*** Begin section ***

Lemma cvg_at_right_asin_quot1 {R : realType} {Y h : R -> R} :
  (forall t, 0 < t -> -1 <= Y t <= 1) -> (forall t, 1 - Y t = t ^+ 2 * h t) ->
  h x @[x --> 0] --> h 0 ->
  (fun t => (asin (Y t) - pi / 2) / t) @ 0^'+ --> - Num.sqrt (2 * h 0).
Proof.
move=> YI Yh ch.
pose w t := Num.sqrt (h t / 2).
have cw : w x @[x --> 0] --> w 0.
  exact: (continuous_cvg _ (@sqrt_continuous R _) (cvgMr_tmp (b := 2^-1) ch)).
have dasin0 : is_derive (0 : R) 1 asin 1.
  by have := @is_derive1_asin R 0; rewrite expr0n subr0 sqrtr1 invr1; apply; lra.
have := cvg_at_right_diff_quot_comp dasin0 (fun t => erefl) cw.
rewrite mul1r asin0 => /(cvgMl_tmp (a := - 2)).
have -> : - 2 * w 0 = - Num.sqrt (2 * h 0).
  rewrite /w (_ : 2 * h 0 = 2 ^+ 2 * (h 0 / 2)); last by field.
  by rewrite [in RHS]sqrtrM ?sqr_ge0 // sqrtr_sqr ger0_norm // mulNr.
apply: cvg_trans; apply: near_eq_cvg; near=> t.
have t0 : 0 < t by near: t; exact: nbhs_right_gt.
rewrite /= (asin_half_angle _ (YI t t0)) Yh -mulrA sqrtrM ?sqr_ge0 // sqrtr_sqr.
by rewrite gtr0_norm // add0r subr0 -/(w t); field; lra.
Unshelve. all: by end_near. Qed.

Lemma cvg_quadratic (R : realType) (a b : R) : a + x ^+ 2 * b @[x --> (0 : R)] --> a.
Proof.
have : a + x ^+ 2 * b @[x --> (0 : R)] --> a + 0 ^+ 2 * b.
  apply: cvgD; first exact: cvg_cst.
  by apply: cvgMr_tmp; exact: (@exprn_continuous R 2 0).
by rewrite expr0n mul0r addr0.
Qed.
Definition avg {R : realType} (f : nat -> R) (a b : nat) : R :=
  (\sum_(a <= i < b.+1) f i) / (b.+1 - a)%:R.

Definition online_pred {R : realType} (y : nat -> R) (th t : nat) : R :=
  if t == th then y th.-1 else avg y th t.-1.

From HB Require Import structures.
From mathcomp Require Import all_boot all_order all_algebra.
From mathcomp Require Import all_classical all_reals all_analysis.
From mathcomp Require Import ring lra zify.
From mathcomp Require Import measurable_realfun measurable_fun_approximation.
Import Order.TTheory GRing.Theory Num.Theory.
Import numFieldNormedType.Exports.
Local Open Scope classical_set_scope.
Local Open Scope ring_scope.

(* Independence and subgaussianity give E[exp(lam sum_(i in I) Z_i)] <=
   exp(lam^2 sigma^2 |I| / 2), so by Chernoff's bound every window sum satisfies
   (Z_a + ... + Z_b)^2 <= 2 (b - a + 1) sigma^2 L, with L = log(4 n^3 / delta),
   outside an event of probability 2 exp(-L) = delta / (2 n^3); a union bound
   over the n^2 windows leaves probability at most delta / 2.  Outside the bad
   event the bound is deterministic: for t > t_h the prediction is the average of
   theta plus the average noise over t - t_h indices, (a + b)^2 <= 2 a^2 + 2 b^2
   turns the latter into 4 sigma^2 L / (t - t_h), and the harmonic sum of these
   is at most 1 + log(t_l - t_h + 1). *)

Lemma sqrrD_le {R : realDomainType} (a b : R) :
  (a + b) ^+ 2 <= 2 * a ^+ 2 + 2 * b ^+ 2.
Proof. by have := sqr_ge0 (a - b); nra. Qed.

*** End section ***
*** Begin section ***

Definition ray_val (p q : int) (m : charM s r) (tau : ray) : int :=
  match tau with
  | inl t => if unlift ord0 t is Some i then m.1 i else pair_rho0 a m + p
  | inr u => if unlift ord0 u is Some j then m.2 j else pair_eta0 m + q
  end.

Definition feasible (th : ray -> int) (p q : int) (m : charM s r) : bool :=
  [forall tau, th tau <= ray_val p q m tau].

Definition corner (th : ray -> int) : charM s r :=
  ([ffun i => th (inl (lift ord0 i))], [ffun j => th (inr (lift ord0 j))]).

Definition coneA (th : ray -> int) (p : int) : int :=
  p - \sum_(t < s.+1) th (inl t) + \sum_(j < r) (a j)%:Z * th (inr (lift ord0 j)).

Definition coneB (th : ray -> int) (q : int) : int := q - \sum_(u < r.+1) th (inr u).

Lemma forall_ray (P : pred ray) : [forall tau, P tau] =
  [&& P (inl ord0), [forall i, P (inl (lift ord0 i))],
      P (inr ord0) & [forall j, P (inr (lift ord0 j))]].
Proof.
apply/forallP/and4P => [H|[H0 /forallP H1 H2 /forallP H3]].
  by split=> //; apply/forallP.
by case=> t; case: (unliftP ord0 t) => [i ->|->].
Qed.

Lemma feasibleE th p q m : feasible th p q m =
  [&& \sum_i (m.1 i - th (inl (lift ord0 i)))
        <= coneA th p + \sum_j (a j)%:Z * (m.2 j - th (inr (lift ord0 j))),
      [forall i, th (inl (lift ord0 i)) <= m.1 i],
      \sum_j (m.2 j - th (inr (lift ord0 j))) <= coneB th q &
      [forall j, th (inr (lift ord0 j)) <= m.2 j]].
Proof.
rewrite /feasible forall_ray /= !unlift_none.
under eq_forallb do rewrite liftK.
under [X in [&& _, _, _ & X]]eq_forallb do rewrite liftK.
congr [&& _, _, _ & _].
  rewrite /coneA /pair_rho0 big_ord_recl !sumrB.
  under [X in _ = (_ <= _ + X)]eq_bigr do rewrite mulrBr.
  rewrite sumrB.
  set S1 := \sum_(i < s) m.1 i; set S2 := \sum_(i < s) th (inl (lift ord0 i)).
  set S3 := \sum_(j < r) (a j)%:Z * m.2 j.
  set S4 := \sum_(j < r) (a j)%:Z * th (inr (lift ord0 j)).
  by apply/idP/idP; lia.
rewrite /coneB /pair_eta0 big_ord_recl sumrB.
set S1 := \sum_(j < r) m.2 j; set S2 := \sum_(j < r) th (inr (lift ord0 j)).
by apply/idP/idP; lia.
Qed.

*** End section ***

### The problem
State the number of lines in the data that carry "coneA", and add nothing to it.

### Your response
3